*** Records for the task ***

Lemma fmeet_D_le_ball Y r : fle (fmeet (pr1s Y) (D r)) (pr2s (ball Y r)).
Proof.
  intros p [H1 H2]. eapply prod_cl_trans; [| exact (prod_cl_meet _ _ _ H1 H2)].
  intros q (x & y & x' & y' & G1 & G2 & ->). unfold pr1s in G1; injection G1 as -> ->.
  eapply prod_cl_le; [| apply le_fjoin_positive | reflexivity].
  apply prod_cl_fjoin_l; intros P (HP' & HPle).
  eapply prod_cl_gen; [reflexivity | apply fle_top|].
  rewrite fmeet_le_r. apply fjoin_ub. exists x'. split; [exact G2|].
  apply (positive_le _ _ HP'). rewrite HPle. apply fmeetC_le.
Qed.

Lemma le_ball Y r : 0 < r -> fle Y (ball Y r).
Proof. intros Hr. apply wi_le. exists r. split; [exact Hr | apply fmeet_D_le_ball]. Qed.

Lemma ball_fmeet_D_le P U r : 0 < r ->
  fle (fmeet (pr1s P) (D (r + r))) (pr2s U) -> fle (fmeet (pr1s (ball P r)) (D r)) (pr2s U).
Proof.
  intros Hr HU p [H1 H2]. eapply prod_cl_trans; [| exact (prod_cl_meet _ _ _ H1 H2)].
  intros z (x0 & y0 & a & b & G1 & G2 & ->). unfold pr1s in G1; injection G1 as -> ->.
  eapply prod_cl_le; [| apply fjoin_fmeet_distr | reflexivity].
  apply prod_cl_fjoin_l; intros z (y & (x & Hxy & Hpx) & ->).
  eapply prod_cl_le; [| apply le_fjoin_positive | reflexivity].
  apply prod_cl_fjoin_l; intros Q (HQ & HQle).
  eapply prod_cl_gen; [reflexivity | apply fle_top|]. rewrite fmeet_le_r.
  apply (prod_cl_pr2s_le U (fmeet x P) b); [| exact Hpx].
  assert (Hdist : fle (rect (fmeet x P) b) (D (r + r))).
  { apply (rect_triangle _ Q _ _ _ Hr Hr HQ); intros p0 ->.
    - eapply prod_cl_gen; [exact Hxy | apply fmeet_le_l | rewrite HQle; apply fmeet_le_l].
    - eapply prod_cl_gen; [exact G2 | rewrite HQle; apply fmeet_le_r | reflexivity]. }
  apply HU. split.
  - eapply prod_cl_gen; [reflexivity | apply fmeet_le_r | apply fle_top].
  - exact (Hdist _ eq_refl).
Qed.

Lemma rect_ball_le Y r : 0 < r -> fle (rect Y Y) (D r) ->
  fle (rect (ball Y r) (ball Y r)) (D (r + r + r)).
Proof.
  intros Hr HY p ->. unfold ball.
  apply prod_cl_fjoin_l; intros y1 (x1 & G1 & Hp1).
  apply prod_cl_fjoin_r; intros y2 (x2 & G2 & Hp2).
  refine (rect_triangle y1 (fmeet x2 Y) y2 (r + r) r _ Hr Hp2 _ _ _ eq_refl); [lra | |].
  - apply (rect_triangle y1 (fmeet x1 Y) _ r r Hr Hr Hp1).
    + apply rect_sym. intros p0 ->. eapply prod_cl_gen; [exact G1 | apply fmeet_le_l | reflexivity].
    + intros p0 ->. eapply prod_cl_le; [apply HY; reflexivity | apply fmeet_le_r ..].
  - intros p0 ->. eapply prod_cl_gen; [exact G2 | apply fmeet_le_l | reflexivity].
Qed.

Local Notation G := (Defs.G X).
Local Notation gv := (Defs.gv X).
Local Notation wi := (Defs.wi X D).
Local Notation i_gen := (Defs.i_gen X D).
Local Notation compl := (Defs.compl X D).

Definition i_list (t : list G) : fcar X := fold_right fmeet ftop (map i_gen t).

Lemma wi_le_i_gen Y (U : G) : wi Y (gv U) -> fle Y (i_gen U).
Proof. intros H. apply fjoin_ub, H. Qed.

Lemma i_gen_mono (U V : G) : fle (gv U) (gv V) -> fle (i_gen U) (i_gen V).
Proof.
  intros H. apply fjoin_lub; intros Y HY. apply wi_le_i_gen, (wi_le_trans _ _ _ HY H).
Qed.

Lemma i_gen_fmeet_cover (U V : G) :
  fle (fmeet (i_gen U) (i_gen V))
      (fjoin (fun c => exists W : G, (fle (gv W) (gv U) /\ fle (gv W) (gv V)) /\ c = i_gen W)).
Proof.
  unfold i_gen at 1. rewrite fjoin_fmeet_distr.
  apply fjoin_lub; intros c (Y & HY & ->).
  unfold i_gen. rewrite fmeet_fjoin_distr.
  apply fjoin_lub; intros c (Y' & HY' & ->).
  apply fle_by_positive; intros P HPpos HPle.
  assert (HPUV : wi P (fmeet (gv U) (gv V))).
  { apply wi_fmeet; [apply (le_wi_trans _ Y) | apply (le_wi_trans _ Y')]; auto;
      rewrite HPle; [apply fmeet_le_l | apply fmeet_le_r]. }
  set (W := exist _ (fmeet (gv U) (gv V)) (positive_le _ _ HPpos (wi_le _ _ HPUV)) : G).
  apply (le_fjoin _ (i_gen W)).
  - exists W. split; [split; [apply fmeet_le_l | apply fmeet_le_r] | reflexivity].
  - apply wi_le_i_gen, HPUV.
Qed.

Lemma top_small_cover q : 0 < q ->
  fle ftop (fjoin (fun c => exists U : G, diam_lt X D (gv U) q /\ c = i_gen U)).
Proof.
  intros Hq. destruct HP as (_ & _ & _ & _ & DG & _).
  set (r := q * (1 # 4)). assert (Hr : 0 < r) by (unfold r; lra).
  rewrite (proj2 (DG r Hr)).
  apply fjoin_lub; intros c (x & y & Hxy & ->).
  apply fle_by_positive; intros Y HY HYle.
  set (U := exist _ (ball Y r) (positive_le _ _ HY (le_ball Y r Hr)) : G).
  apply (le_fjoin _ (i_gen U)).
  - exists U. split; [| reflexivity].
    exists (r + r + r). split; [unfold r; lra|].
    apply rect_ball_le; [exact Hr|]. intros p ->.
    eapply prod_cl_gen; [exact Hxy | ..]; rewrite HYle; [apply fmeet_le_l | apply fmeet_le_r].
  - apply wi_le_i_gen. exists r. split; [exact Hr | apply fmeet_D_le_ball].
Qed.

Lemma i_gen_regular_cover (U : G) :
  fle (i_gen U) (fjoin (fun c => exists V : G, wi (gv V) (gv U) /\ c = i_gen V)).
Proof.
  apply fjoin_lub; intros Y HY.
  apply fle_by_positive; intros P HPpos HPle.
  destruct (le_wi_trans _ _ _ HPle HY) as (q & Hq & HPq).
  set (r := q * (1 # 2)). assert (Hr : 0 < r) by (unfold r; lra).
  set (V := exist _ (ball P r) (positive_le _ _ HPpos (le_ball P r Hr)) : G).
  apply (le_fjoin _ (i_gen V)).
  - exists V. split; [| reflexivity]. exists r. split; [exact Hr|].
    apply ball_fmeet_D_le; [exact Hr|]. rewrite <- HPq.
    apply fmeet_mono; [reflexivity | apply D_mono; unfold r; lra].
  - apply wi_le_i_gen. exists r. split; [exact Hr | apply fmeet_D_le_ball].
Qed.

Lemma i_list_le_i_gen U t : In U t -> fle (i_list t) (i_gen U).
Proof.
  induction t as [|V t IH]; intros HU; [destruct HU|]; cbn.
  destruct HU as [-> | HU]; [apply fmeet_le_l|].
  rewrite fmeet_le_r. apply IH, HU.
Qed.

*** End of Records for the task ***
*** Records for the task ***

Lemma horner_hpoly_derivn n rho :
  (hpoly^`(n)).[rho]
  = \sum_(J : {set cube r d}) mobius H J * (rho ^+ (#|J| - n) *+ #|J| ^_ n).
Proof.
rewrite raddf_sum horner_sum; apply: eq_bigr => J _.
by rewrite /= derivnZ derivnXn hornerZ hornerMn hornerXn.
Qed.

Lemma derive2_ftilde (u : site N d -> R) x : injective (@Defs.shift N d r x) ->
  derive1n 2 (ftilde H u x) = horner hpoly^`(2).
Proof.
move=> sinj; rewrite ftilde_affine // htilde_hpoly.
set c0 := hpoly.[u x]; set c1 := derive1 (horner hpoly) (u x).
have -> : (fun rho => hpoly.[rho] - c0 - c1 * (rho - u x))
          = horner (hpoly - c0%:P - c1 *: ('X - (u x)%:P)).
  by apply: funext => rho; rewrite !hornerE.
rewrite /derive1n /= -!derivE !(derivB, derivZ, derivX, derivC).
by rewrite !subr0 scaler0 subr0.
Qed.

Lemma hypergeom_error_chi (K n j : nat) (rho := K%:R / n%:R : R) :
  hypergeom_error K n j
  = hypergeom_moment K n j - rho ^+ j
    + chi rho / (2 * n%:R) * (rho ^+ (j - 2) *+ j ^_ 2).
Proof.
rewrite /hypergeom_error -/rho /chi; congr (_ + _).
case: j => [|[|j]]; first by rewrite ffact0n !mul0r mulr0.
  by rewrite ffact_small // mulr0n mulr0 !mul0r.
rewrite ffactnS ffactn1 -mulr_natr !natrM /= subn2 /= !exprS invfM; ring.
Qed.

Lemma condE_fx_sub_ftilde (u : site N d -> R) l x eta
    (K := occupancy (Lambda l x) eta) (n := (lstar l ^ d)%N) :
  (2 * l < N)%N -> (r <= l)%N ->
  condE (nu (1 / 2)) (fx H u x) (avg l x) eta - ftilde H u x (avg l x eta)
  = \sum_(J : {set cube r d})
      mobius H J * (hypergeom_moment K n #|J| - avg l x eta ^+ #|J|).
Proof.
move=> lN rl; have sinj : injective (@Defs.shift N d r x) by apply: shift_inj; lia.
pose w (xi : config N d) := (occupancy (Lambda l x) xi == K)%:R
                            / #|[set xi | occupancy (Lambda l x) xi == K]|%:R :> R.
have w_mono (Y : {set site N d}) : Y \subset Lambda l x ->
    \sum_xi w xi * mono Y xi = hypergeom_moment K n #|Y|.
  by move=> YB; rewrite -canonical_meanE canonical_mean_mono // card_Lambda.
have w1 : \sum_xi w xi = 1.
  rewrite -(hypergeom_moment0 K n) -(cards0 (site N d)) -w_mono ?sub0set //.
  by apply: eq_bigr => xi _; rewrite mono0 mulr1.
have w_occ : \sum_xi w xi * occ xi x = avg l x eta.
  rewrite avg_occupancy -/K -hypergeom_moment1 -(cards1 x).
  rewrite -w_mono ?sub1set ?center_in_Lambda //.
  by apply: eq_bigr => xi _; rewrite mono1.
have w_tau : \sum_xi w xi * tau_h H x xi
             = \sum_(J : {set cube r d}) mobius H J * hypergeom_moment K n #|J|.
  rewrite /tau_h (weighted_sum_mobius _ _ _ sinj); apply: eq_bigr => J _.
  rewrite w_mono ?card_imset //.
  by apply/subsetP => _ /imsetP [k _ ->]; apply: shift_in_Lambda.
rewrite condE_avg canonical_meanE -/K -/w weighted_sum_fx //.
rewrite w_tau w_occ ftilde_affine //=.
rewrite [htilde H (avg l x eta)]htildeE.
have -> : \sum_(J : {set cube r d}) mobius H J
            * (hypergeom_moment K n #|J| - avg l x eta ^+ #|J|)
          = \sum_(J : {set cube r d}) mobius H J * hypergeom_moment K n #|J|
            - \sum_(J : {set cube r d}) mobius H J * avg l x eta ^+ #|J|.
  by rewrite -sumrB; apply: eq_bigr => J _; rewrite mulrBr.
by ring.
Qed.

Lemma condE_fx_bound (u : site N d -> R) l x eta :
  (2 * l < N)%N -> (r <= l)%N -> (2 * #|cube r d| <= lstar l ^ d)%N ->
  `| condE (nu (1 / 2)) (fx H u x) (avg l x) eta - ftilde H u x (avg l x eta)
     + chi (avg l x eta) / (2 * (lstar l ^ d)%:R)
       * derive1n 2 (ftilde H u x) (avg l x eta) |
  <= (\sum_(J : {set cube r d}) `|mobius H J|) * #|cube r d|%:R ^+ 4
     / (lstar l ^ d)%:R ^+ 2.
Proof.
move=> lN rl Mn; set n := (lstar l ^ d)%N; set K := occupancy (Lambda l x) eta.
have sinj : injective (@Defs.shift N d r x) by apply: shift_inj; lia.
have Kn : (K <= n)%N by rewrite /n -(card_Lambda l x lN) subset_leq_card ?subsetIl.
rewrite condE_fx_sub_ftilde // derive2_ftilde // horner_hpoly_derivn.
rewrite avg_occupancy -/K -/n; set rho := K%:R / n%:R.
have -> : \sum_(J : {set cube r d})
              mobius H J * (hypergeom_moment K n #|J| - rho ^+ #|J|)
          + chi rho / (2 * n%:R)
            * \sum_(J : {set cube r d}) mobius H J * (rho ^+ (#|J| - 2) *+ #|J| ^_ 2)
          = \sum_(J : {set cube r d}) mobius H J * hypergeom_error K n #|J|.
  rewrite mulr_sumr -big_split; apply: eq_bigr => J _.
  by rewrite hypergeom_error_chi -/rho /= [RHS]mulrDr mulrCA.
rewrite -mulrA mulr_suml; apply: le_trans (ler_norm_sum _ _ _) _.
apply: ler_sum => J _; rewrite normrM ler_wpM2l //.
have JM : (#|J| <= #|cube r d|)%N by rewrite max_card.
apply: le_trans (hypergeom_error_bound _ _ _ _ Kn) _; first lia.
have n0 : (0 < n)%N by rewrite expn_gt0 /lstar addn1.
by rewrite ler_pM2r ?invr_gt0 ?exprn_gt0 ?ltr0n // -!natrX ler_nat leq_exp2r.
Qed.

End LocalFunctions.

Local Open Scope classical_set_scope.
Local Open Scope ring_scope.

*** End of Records for the task ***
*** Records for the task ***

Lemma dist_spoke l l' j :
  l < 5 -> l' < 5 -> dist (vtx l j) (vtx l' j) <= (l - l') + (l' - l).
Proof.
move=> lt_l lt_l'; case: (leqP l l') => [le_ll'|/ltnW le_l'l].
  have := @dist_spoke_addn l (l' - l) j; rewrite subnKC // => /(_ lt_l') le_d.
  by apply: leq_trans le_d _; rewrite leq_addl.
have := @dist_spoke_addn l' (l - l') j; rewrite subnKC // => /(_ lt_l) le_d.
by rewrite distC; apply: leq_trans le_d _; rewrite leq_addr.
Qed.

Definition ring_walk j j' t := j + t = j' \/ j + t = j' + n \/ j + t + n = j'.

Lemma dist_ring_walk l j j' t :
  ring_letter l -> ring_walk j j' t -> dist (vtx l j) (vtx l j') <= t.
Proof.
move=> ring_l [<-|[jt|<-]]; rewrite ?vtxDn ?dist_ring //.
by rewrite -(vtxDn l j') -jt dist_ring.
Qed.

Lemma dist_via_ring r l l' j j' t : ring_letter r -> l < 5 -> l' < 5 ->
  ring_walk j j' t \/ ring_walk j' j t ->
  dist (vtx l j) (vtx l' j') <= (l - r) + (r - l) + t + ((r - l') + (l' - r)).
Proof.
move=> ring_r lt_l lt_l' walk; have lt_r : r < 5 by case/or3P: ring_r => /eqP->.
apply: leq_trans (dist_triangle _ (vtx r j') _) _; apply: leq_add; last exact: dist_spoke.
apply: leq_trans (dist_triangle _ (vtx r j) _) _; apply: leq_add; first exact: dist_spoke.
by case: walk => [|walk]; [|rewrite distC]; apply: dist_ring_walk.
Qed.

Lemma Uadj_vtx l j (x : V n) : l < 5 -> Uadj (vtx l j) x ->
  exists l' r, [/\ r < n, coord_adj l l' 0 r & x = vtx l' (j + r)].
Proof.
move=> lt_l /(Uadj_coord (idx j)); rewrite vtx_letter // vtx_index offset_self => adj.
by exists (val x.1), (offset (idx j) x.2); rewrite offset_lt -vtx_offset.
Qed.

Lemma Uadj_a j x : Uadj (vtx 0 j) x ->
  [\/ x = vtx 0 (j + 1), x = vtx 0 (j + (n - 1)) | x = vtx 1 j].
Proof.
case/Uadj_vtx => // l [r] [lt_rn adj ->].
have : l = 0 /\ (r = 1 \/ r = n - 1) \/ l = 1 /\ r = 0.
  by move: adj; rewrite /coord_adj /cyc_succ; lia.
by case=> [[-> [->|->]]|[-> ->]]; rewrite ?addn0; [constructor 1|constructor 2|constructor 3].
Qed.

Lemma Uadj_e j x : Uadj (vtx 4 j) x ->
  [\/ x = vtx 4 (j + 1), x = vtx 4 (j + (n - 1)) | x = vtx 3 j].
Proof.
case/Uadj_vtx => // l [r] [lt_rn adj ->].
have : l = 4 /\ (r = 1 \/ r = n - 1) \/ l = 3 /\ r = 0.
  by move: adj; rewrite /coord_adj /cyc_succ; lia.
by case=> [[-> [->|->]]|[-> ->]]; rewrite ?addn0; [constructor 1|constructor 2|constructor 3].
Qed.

*** End of Records for the task ***

**What the exercise asks**
From the records above, transcribe exactly the run of lines that opens with the line holding "apply (prod_cl_pr2s_le U" and closes with the line holding "apply prod_cl_fjoin_l; intros y1", both included.

**Answer to this task**
  apply (prod_cl_pr2s_le U (fmeet x P) b); [| exact Hpx].
  assert (Hdist : fle (rect (fmeet x P) b) (D (r + r))).
  { apply (rect_triangle _ Q _ _ _ Hr Hr HQ); intros p0 ->.
    - eapply prod_cl_gen; [exact Hxy | apply fmeet_le_l | rewrite HQle; apply fmeet_le_l].
    - eapply prod_cl_gen; [exact G2 | rewrite HQle; apply fmeet_le_r | reflexivity]. }
  apply HU. split.
  - eapply prod_cl_gen; [reflexivity | apply fmeet_le_r | apply fle_top].
  - exact (Hdist _ eq_refl).
Qed.

Lemma rect_ball_le Y r : 0 < r -> fle (rect Y Y) (D r) ->
  fle (rect (ball Y r) (ball Y r)) (D (r + r + r)).
Proof.
  intros Hr HY p ->. unfold ball.
  apply prod_cl_fjoin_l; intros y1 (x1 & G1 & Hp1).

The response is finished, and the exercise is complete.